Całość spina fakt, że całkiem niedawno, po wielu już wspólnych przecież działaniach, okazało się, że i Tomasz i ja mamy wręcz te same fascynacje muzyczne. Tak więc to nie przypadek! A już najbardziej niesamowity jest dla mnie fakt, że póki co … nigdy jeszcze nie spotkaliśmy się twarzą w twarz! Nastąpi to dopiero 8 grudnia, na koncercie w dniu premiery!


Box ma się ukazać w limitowanym nakładzie 300 sztuk – szykuje się więc (w przyszłości) prawdziwy biały kruk.


Prawdę powiedziawszy AudioCave postanowiło podnieść nakład do 500 sztuk, co nas bardzo cieszy, ale faktycznie nie zmienia to faktu unikatowości. Byłoby pięknie patrzeć na emeryturze na te sporadyczne aukcje na eBay’u…


Wiadomo, że utwór „Ummadellic” (ze „Sky is the Limit”) ukaże się w nieco zmienionej formie – powiesz więcej dlaczego podjęliście taki krok?

Po pierwsze już jakiś czas temu zrobiliśmy odmienną, instrumentalną wersję tego utworu. Na skrzypcach gościnnie zagrała Tylda i jest to perełka na tej płycie. Po 6 latach od premiery mogę śmiało powiedzieć, że w tej wersji „Sky Is The Limit” jest dla mnie idealny. Gdy doszło do pierwszych rozmów o winylach, właściwie nikt nie miał odmiennego zdania, stwierdziliśmy – dajemy tę wersję i koniec. Poza tym to nagroda dla kolekcjonerów – na kompakcie muzyka jest inna.


Czy pozostałe utwory zostały poddane jakimś poprawkom czy to wersje znane z CD?

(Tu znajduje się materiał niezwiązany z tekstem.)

(* With $x_0$, $u$, $R$ as in the kinematic equations (so $x(t)=R(t)x_0$), let $Y_0\in T_{x_0}S^m_1$ and $\Psi_0\in T^\perp_{x_0}S^m_1$. Then $Y(t)=R(t)Y_0$ is the unique tangent parallel vector field along $x(t)$ in $S^m_1$ with $Y(0)=Y_0$, and $\Psi(t)=R(t)\Psi_0$ is the unique normal parallel vector field along $x(t)$ with $\Psi(0)=\Psi_0$.
   Context: $\mathbb R^{m+1}_1$ is $\mathbb R^{m+1}$ with $\langle x,y\rangle_J=x^{\mathbf t}Jy$, $J=\mathrm{diag}(-1,I_m)$; $S^m_1=\{x:\langle x,x\rangle_J=1\}$, $T_{x}S^m_1=\{v:\langle v,x\rangle_J=0\}$, $T^\perp_xS^m_1=\mathrm{span}\{x\}$. $x_0\in S^m_1$, $u\colon[0,\tau]\to\mathbb R^{m+1}$ is absolutely continuous with $\langle u(t),x_0\rangle_J=0$, and $R$ is the absolutely continuous solution of $\dot R(t)=R(t)(u(t)x_0^{\mathbf t}-x_0u(t)^{\mathbf t})J$, $R(0)=I_{m+1}$. For a tangent field $Z$ along $x$ in $S^m_1$, $\frac{D}{dt}Z=\dot Z-\langle\dot Z,x\rangle_Jx$; for a normal field $\Psi$, $\frac{D^\perp}{dt}\Psi=\langle\dot\Psi,x\rangle_Jx$; parallel means the respective derivative vanishes a.e. *)

From Stdlib Require Import Reals Lra.
Open Scope R_scope.

(* Vectors of R^{m+1} are functions nat -> R, only indices 0..m matter;
   (m+1)x(m+1) matrices are functions nat -> nat -> R. *)
Definition vec := nat -> R.
Definition mat := nat -> nat -> R.

Fixpoint fsum (n : nat) (g : nat -> R) : R :=
  match n with O => 0 | S n' => fsum n' g + g n' end.

Definition Jdiag (i : nat) : R := match i with O => -1 | S _ => 1 end.
Definition Jm : mat := fun i j => if Nat.eqb i j then Jdiag i else 0.
Definition idm : mat := fun i j => if Nat.eqb i j then 1 else 0.

Definition ip (m : nat) (x y : vec) : R :=
  sum_f_R0 (fun i => Jdiag i * x i * y i) m.

Definition mv (m : nat) (A : mat) (v : vec) : vec :=
  fun i => sum_f_R0 (fun k => A i k * v k) m.
Definition matmul (m : nat) (A B : mat) : mat :=
  fun i j => sum_f_R0 (fun k => A i k * B k j) m.
Definition Kmat (u x0 : vec) : mat := fun i j => u i * x0 j - x0 i * u j.

(* absolute continuity on [a,b] (epsilon-delta, finite families of
   non-overlapping subintervals [s k, e k], listed in increasing order) *)
Definition abs_cont (a b : R) (f : R -> R) : Prop :=
  forall eps, 0 < eps -> exists delta, 0 < delta /\
    forall (n : nat) (s e : nat -> R),
      (forall k, (k < n)%nat -> a <= s k /\ s k <= e k /\ e k <= b) ->
      (forall k, (S k < n)%nat -> e k <= s (S k)) ->
      fsum n (fun k => e k - s k) < delta ->
      fsum n (fun k => Rabs (f (e k) - f (s k))) < eps.

Definition vabs_cont (m : nat) (a b : R) (f : R -> vec) : Prop :=
  forall i, (i <= m)%nat -> abs_cont a b (fun t => f t i).
Definition mabs_cont (m : nat) (a b : R) (f : R -> mat) : Prop :=
  forall i j, (i <= m)%nat -> (j <= m)%nat -> abs_cont a b (fun t => f t i j).

Definition null_set (N : R -> Prop) : Prop :=
  forall eps, 0 < eps -> exists a b : nat -> R,
    (forall k, a k <= b k) /\
    (forall x, N x -> exists k, a k < x < b k) /\
    (forall n, fsum n (fun k => b k - a k) <= eps).

Definition ae_on (a b : R) (P : R -> Prop) : Prop :=
  exists N, null_set N /\ forall t, a <= t <= b -> ~ N t -> P t.

Definition has_vderiv (m : nat) (f : R -> vec) (t : R) (v : vec) : Prop :=
  forall i, (i <= m)%nat -> derivable_pt_lim (fun s => f s i) t (v i).

Definition tangent_parallel (m : nat) (tau : R) (x Z : R -> vec) : Prop :=
  vabs_cont m 0 tau Z /\
  (forall t, 0 <= t <= tau -> ip m (Z t) (x t) = 0) /\
  ae_on 0 tau (fun t => exists v, has_vderiv m Z t v /\
     forall i, (i <= m)%nat -> v i - ip m v (x t) * x t i = 0).

Definition normal_parallel (m : nat) (tau : R) (x Psi : R -> vec) : Prop :=
  vabs_cont m 0 tau Psi /\
  (forall t, 0 <= t <= tau -> exists c, forall i, (i <= m)%nat -> Psi t i = c * x t i) /\
  ae_on 0 tau (fun t => exists v, has_vderiv m Psi t v /\
     forall i, (i <= m)%nat -> ip m v (x t) * x t i = 0).

From Stdlib Require Import Reals Lra Lia Classical FunctionalExtensionality.
From mathcomp Require all_boot all_algebra Rstruct.
Open Scope R_scope.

Reszta jest bez zmian, nie było potrzeby ingerowania w ten materiał. Zmiana dla samej zmiany albo „jakiś tam” remaster – po co? Kiedyś ludzi kręciły remasterowane wersje, nawet czasem była to konieczność, bo materiał przygotowywany wiele lat temu na winyl w niektórych sprawach nie sprawdzał się na CD, ale popatrz – teraz bardzo wielu zbieraczy szuka właśnie nie poprawianych wersji albo wręcz zbiera płyty analogowe. Nawet jeśli zawierają one jakieś niedociągnięcia, niesłyszalne w latach wydania, to te niedoskonałości są prawdziwe! I to jest meritum takiego zbieractwa! Sam czasem poddaję się szaleństwu, żeby mieć – za nielichą nierzadko sumę – pierwsze tłoczenie jakiejś płyty.


Hipgnosis

Jak postrzegasz „Relusion” z perspektywy czasu? Zmieniłbyś coś czy zostawił tak jak jest?:-)

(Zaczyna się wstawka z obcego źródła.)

(* Every strongly sofic monoid is surjunctive.
   Context: A monoid $M$ is strongly sofic if for every finite subset $K \subset M$ there exists an integer $\Delta_K \geq 1$ such that for every $\varepsilon > 0$ there exist a non-empty finite set $D$ and a map $\sigma \colon M \to \operatorname{Map}(D)$ (where $\operatorname{Map}(D)$ is the set of all maps $D \to D$ with composition) satisfying: (1) $\sigma(1_M) = \mathrm{Id}_D$; (2) $d_D^{\mathrm{Ham}}(\sigma(k_1k_2),\sigma(k_1)\sigma(k_2)) \leq \varepsilon$ for all $k_1,k_2 \in K$; (3) $d_D^{\mathrm{Ham}}(\sigma(k_1),\sigma(k_2)) \geq 1-\varepsilon$ for all distinct $k_1,k_2 \in K$; (4) $|\sigma(k)^{-1}(v)| \leq \Delta_K$ for all $k \in K$ and $v \in D$. Here $d_D^{\mathrm{Ham}}(f,g) = \frac{1}{|D|}|\{v \in D : f(v) \neq g(v)\}|$ is the Hamming metric. For a monoid $M$ and a finite set $A$, $A^M$ is the set of all maps $M \to A$ with the prodiscrete (product of discrete) topology and the shift action of $M$ given by $(mx)(m') = x(m'm)$ for $m,m' \in M$, $x \in A^M$. A cellular automaton is a continuous $M$-equivariant map $\tau \colon A^M \to A^M$. A monoid $M$ is surjunctive if for every finite set $A$, every injective cellular automaton $\tau \colon A^M \to A^M$ is surjective. *)

From mathcomp Require Import all_boot.
From Stdlib Require Import Reals.
Set Implicit Arguments.
Unset Strict Implicit.
Unset Printing Implicit Defensive.

Record monoid := Monoid {
  mcar :> Type;
  mmul : mcar -> mcar -> mcar;
  mone : mcar;
  mmulA : forall a b c, mmul a (mmul b c) = mmul (mmul a b) c;
  mmul1m : forall a, mmul mone a = a;
  mmulm1 : forall a, mmul a mone = a
}.

Definition ham_dist (D : finType) (f g : D -> D) : R :=
  (INR #|[set v : D | f v != g v]| / INR #|D|)%R.

(* Strong soficity; finite subsets K of M are represented by lists. *)
Definition strongly_sofic (M : monoid) : Prop :=
  forall K : list M, exists Delta : nat, (1 <= Delta)%N /\
    forall eps : R, (0 < eps)%R ->
      exists (D : finType) (sigma : M -> D -> D),
        (0 < #|D|)%N /\
        sigma (mone M) = (fun v : D => v) /\
        (forall k1 k2, List.In k1 K -> List.In k2 K ->
           (ham_dist (sigma (mmul k1 k2)) (sigma k1 \o sigma k2) <= eps)%R) /\
        (forall k1 k2, List.In k1 K -> List.In k2 K -> k1 <> k2 ->
           (1 - eps <= ham_dist (sigma k1) (sigma k2))%R) /\
        (forall k v, List.In k K -> (#|[set u : D | sigma k u == v]| <= Delta)%N).

Definition shift (M : monoid) (A : Type) (m : M) (x : M -> A) : M -> A :=
  fun m' => x (mmul m' m).

(* Continuity for the prodiscrete topology on A^M (A finite, discrete):
   each coordinate of the image depends only on finitely many coordinates
   of the input near every point (basic open sets are cylinders). *)
Definition prodiscrete_continuous (M : monoid) (A : Type)
    (tau : (M -> A) -> (M -> A)) : Prop :=
  forall (x : M -> A) (m : M), exists F : list M,
    forall y : M -> A, (forall f, List.In f F -> y f = x f) -> tau y m = tau x m.

Definition cellular_automaton (M : monoid) (A : finType)
    (tau : (M -> A) -> (M -> A)) : Prop :=
  prodiscrete_continuous tau /\
  (forall (m : M) (x : M -> A), tau (shift m x) = shift m (tau x)).

Definition surjunctive (M : monoid) : Prop :=
  forall (A : finType) (tau : (M -> A) -> (M -> A)),
    cellular_automaton tau -> injective tau -> forall y, exists x, tau x = y.

(* Suppose the injective cellular automaton tau misses y. Compactness of A^M gives
   finite sets of M on which everything happens: y already disagrees with every
   tau x on a finite window F, tau x 1 depends only on x restricted to a memory
   set S, and x 1 is determined by tau x restricted to a finite set N.  A sofic
   approximation sigma of M on a finite set D, accurate on S, N and F, transports
   tau to a map on A^D.  At good vertices (those where sigma is multiplicative and
   separates F) this map is injective, so its image has at least |A|^|W|
   elements, W the set of good vertices.  On the other hand every image avoids
   the pattern of y at each window sigma(F)v; a maximal family V of pairwise
   disjoint windows has |V| >= |W| / (r^2 Delta), so the image has at most
   |A|^|D| (1 - |A|^-r)^|V| elements.  As the bad vertices form a small fraction
   of D, the two bounds contradict each other (Bernoulli's inequality). *)

From mathcomp Require Import all_boot.
From Stdlib Require Import Reals Lra.
From mathcomp Require Import zify boolp.
From mathcomp Require classical_sets.
(* [Reals] rebinds [^] in [nat_scope]. *)
Local Notation "m ^ n" := (expn m n) : nat_scope.
Set Implicit Arguments.
Unset Strict Implicit.
Unset Printing Implicit Defensive.

Lemma In_enum (T : finType) (t : T) : List.In t (enum T).
Proof.
have : t \in enum T by rewrite mem_enum.
by elim: (enum T) => //= u s IH; rewrite inE => /orP [/eqP ->|/IH]; [left|right].
Qed.

(* [t0] only serves as the default value of [List.nth]. *)
Lemma exists_injective_enumeration (T : Type) (t0 : T) (L : list T) :
  exists r (f : 'I_r -> T), injective f /\ forall t, List.In t L -> exists i, f i = t.
Proof.
pose dec := fun a b : T => pselect (a = b).
pose L' := List.nodup dec L.
exists (size L'), (fun i => List.nth i L' t0); split.
  move=> i j e; apply: val_inj.
  by apply: (List.NoDup_nth L' t0).1 (List.NoDup_nodup dec L) _ _ _ _ e; apply/ltP.
move=> t /(List.nodup_In dec) /(List.In_nth _ _ t0) [n [/ltP lt_n <-]].
by exists (Ordinal lt_n).
Qed.

(** * Compactness of the prodiscrete space *)

Section Compactness.
Variables (M : Type) (B : finType).

Definition agree_on (L : list M) (x y : M -> B) :=
  forall m, List.In m L -> x m = y m.

Definition prodiscrete_closed (X : (M -> B) -> Prop) :=
  forall x, (forall L, exists2 z, X z & agree_on L z x) -> X x.

Definition locally_constant (C : Type) (phi : (M -> B) -> C) :=
  forall x, exists L, forall y, agree_on L y x -> phi y = phi x.

Lemma locally_constant_closed (C : Type) (phi : (M -> B) -> C) (Q : C -> Prop) :
  locally_constant phi -> prodiscrete_closed (fun x => Q (phi x)).
Proof.
by move=> lc x xcl; have [L HL] := lc x; have [z Qz /HL <-] := xcl L.
Qed.

Section FiniteIntersection.
Variables (I : Type) (P : I -> (M -> B) -> Prop).
Hypothesis P_closed : forall i, prodiscrete_closed (P i).
Hypothesis P_fip : forall F : list I, exists x, forall i, List.In i F -> P i x.

Let solves (F : list I) (L : list (M * B)) (x : M -> B) :=
  (forall i, List.In i F -> P i x) /\ (forall p, List.In p L -> x p.1 = p.2).

(* Partial configurations are relations between M and B. *)
Let consistent (G : M * B -> Prop) :=
  forall F L, (forall p, List.In p L -> G p) -> exists x, solves F L x.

Szczerze? Podciągnąłbym bardziej bębny. W studio jednak po pierwsze bałem się przesadzić, bo to mój instrument i nie chciałem sprawiać wrażenia, że eksponuję samego siebie ponad miarę, po drugie zależało mi na takiej produkcji sprzed lat – wiesz, bez brzmieniowej agresji perkusji w rodzaju Portnoya czy współczesnego metalu ( Trivium na przykład ). Jak słuchasz starych płyt, nie ma aż takiej dominacji bębnów, one są żywe, oddychają. Teraz wszystko się kompresuje, triggeruje i wychodzą cybernetyczni perkusiści. Fakt, poziom gry na tym ( i nie tylko na tym ) instrumencie poszedł ogromnie do przodu, dziś Cozy Powell nie robi już takiego wrażenia jak w swoich czasach, w samym Krakowie jest setka lepszych, ale też studia i wymagania dotyczące doskonałości odhumanizowały perkusję – szczególnie chyba właśnie ten instrument.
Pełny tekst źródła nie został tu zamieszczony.